It's a year since I published this piece on my blog - and over two hundred thousand people read it - and then I developed it into a short story called, 'Stardust and Snow' - which I hope will see the light of day some day soon.
‘Fancy Believing in the Goblin King’
My friend told me a story he hadn’t told anyone for years. When he used
to tell it years ago people would laugh and say, ‘Who’d believe that? How can
that be true? That’s daft.’ So he didn’t tell it again for ages. But for some
reason, last night, he knew it would be just the kind of story I would love.

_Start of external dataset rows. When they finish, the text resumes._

(* Let $E$ be a nonempty bounded subset of $M_a$ and $p\in E$. If $i\in\Lambda(E)$, then $p+\alpha e_i\in\mathrm{GS}(E,p)$ for all $\alpha\in\mathbb R$.
   Context: Let $a=\{a_i\}$ be a sequence of positive reals with $\sum_i a_i^2<\infty$, $M_a=\{x\in\mathbb{R}^{\mathbb N}:\sum_i a_i^2x_i^2<\infty\}$ with inner product $\langle x,y\rangle_a=\sum_i a_i^2x_iy_i$ and norm $\|x\|_a=\sqrt{\langle x,x\rangle_a}$ (a Hilbert space). $e_i$ denotes the sequence with $1$ in position $i$ and $0$ elsewhere. For nonempty $E\subset M_a$, $\Lambda(E)$ is the set of $i\in\mathbb N$ for which there exist $x\in E$ and $\alpha\in\mathbb R\setminus\{0\}$ with $x+\alpha e_i\in E$. The generalized linear span of $E$ with respect to $p\in E$ is $\mathrm{GS}(E,p)=\{p+\sum_i\alpha_i(x_i-p)\in M_a: x_i\in E,\ \alpha_i\in\mathbb R\}$, where the index $i$ runs over a finite or countably infinite subset of $\mathbb N$ and infinite sums are limits in $\|\cdot\|_a$ of their partial sums. *)

From Stdlib Require Import Reals Arith.
From Coquelicot Require Import Coquelicot.
Open Scope R_scope.

Definition seqR := nat -> R.

Definition admissible_weight (a : seqR) : Prop :=
  (forall i, 0 < a i) /\ ex_series (fun i => (a i) ^ 2).

Definition in_Ma (a : seqR) (x : seqR) : Prop :=
  ex_series (fun i => (a i) ^ 2 * (x i) ^ 2).

Definition inner_a (a : seqR) (x y : seqR) : R :=
  Series (fun i => (a i) ^ 2 * x i * y i).

Definition norm_a (a : seqR) (x : seqR) : R := sqrt (inner_a a x x).

Definition vadd (x y : seqR) : seqR := fun i => x i + y i.
Definition vsub (x y : seqR) : seqR := fun i => x i - y i.
Definition vscal (c : R) (x : seqR) : seqR := fun i => c * x i.

Definition unit_vec (i : nat) : seqR := fun j => if Nat.eqb j i then 1 else 0.

Definition bounded_a (a : seqR) (E : seqR -> Prop) : Prop :=
  exists C : R, forall x, E x -> norm_a a x <= C.

Definition Lambda (E : seqR -> Prop) (i : nat) : Prop :=
  exists (x : seqR) (alpha : R),
    E x /\ alpha <> 0 /\ E (vadd x (vscal alpha (unit_vec i))).

Fixpoint partial_comb (p : seqR) (xs : nat -> seqR) (al : nat -> R) (n : nat)
  : seqR :=
  match n with
  | O => p
  | S m => vadd (partial_comb p xs al m) (vscal (al m) (vsub (xs m) p))
  end.

(* Generalized linear span GS(E,p): elements y of M_a of the form
   p + sum_k alpha_k (x_k - p) with x_k in E, where the sum is either finite
   or countably infinite; an infinite sum is the ||.||_a-limit of its partial
   sums. (Indexing a finite / countably infinite subset of N in increasing
   order by 0,1,2,... .) *)
Definition GS (a : seqR) (E : seqR -> Prop) (p : seqR) (y : seqR) : Prop :=
  in_Ma a y /\
  ((exists (n : nat) (xs : nat -> seqR) (al : nat -> R),
      (forall k, (k < n)%nat -> E (xs k)) /\ y = partial_comb p xs al n)
   \/
   (exists (xs : nat -> seqR) (al : nat -> R),
      (forall k, E (xs k)) /\
      is_lim_seq (fun n => norm_a a (vsub (partial_comb p xs al n) y)) 0)).

(* If x and x + beta e_i both lie in E (beta <> 0), then
   alpha e_i = (alpha/beta) ((x + beta e_i) - p) - (alpha/beta) (x - p),
   so p + alpha e_i is a two-term combination of the generalized span; it lies
   in M_a because M_a is a vector space containing every e_i. *)

From Stdlib Require Import Reals Lra Lia FunctionalExtensionality.
From Coquelicot Require Import Coquelicot.
Open Scope R_scope.

Lemma ex_series_eventually_zero (u : nat -> R) (n : nat) :
  (forall k, (n <= k)%nat -> u k = 0) -> ex_series u.
Proof.
  intros Hu. apply (ex_series_incr_n u n).
  exists 0. apply (is_series_ext (fun _ => 0)).
  - intros k. rewrite Hu by lia. reflexivity.
  - apply (filterlim_ext (fun _ => 0)).
    + intros m. rewrite sum_n_const. simpl. ring.
    + apply filterlim_const.
Qed.

Lemma in_Ma_unit_vec (a : seqR) (i : nat) : in_Ma a (unit_vec i).
Proof.
  apply (ex_series_eventually_zero _ (S i)). intros k Hk.
  unfold unit_vec. replace (Nat.eqb k i) with false.
  - ring.
  - symmetry. apply Nat.eqb_neq. lia.
Qed.

Lemma in_Ma_vscal (a : seqR) (c : R) (x : seqR) :
  in_Ma a x -> in_Ma a (vscal c x).
Proof.
  unfold in_Ma. intros Hx.
  apply (@ex_series_ext R_AbsRing R_NormedModule (fun j => c ^ 2 * (a j ^ 2 * x j ^ 2))).
  - intros j. unfold vscal.
    change (c ^ 2 * (a j ^ 2 * x j ^ 2) = a j ^ 2 * (c * x j) ^ 2). ring.
  - exact (@ex_series_scal_l R_AbsRing R_NormedModule (c ^ 2) _ Hx).
Qed.

Lemma in_Ma_vadd (a : seqR) (x y : seqR) :
  in_Ma a x -> in_Ma a y -> in_Ma a (vadd x y).
Proof.
  intros Hx Hy.
  apply (@ex_series_le R_AbsRing R_CompleteNormedModule _
           (fun j => 2 * (a j ^ 2 * x j ^ 2) + 2 * (a j ^ 2 * y j ^ 2))).
  - intros j. unfold vadd.
    assert (Hsq : (x j + y j) ^ 2 <= 2 * x j ^ 2 + 2 * y j ^ 2)
      by (pose proof (pow2_ge_0 (x j - y j)); nra).
    assert (Ha2 : 0 <= a j ^ 2) by apply pow2_ge_0.
    assert (Hpos : 0 <= a j ^ 2 * (x j + y j) ^ 2)
      by (apply Rmult_le_pos; [exact Ha2 | apply pow2_ge_0]).
    change (Rabs (a j ^ 2 * (x j + y j) ^ 2)
            <= 2 * (a j ^ 2 * x j ^ 2) + 2 * (a j ^ 2 * y j ^ 2)).
    rewrite Rabs_pos_eq by exact Hpos.
    nra.
  - apply (ex_series_plus (fun j => 2 * (a j ^ 2 * x j ^ 2))
                          (fun j => 2 * (a j ^ 2 * y j ^ 2))).
    + exact (@ex_series_scal_l R_AbsRing R_NormedModule 2 _ Hx).
    + exact (@ex_series_scal_l R_AbsRing R_NormedModule 2 _ Hy).
Qed.

Lemma partial_comb_two_points (p x v : seqR) (beta alpha : R) :
  beta <> 0 ->
  partial_comb p
    (fun k => match k with O => vadd x (vscal beta v) | _ => x end)
    (fun k => match k with O => alpha / beta | _ => - (alpha / beta) end) 2
  = vadd p (vscal alpha v).
Proof.
  intros Hbeta. apply functional_extensionality. intros j.
  simpl. unfold vadd, vscal, vsub. field. exact Hbeta.
Qed.

Theorem lemma3p3 (a : seqR) (E : seqR -> Prop) (p : seqR) (i : nat) :
  admissible_weight a ->
  (forall x, E x -> in_Ma a x) ->
  (exists x, E x) ->
  bounded_a a E ->
  E p ->
  Lambda E i ->
  forall alpha : R, GS a E p (vadd p (vscal alpha (unit_vec i))).
Proof.
  intros _ HM _ _ Hp [x [beta [Hx [Hbeta Hxb]]]] alpha.
  split.
  - apply in_Ma_vadd.
    + exact (HM p Hp).
    + apply in_Ma_vscal, in_Ma_unit_vec.
  - left. rewrite <- (partial_comb_two_points p x (unit_vec i) beta alpha Hbeta).
    eexists 2%nat, _, _. split; [| reflexivity].
    intros [|k] _; assumption.
Qed.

When he was a kid, he said, they didn’t use the word autism, they just
said ‘shy’, or ‘isn’t very good at being around strangers or lots of people.’
But that’s what he was, and is, and he doesn’t mind telling anyone. It’s just a
matter of fact with him, and sometimes it makes him sound a little and act different,
but that’s okay.
Anyway, when he was a kid it was the middle of the 1980s and they were
still saying ‘shy’ or ‘withdrawn’ rather than ‘autistic’. He went to London
with his mother to see a special screening of a new film he really loved. He
must have won a competition or something, I think. Some of the details he can’t
quite remember, but he thinks it must have been London they went to, and the
film…! Well, the film is one of my all-time favourites, too. It’s a dark,
mysterious fantasy movie. Every single frame is crammed with puppets and
goblins. There are silly songs and a goblin king who wears clingy silver tights
and who kidnaps a baby and this is what kickstarts the whole adventure.
It was ‘Labyrinth’, of course, and the star was David Bowie, and he was
there to meet the children who had come to see this special screening.
‘I met David Bowie once,’ was the thing that my friend said, that
caught my attention.
‘You did? When was this?’ I was amazed, and surprised, too, at the
casual way he brought this revelation out. Almost anyone else I know would have
told the tale a million times already.
He seemed surprised I would want to know, and he told me the whole thing,
all out of order, and I eked the details out of him.
He told the story as if it was he’d been on an adventure back then, and
he wasn’t quite allowed to tell the story. Like there was a pact, or a magic
spell surrounding it. As if something profound and peculiar would occur if he
broke the confidence.
It was thirty years ago and all us kids who’d loved Labyrinth then, and
who still love it now, are all middle-aged. Saddest of all, the Goblin King is
dead. Does the magic still exist?
I asked him what happened on his adventure.
‘I was withdrawn, more withdrawn than the other kids. We all got a
signed poster. Because I was so shy, they put me in a separate room, to one
side, and so I got to meet him alone. He’d heard I was shy and it was his idea.
He spent thirty minutes with me.
‘He gave me this mask. This one. Look.
‘He said: ‘This is an invisible mask, you see?
‘He took it off his own face and looked around like he was scared and
uncomfortable all of a sudden. He passed me his invisible mask. ‘Put it on,’ he
told me. ‘It’s magic.’
‘And so I did.
‘Then he told me, ‘I always feel afraid, just the same as you. But I
wear this mask every single day. And it doesn’t take the fear away, but it
makes it feel a bit better. I feel brave enough then to face the whole world
and all the people. And now you will, too.
‘I sat there in his magic mask, looking through the eyes at David Bowie
and it was true, I did feel better.
‘Then I watched as he made another magic mask. He spun it out of thin
air, out of nothing at all. He finished it and smiled and then he put it on.
And he looked so relieved and pleased. He smiled at me.
‘’Now we’ve both got invisible masks. We can both see through them
perfectly well and no one would know we’re even wearing them,’ he said.
‘So, I felt incredibly comfortable. It was the first time I felt safe
in my whole life.
‘It was magic. He was a wizard. He was a goblin king, grinning at me.
‘I still keep the mask, of course. This is it, now. Look.’
I kept asking my friend questions, amazed by his story. I loved it and
wanted all the details. How many other kids? Did they have puppets from the
film there, as well? What was David Bowie wearing? I imagined him in his lilac
suit from Live Aid. Or maybe he was dressed as the Goblin King in lacy ruffles
and cobwebs and glitter.
What was the last thing he said to you, when you had to say goodbye?
‘David Bowie said, ‘I’m always afraid as well. But this is how you can
feel brave in the world.’ And then it was over. I’ve never forgotten it. And
years later I cried when I heard he had passed.’
My friend was surprised I was delighted by this tale.
‘The normal reaction is: that’s just a stupid story. Fancy believing in
an invisible mask.’
But I do. I really believe in it.
And it’s the best story I’ve heard all year.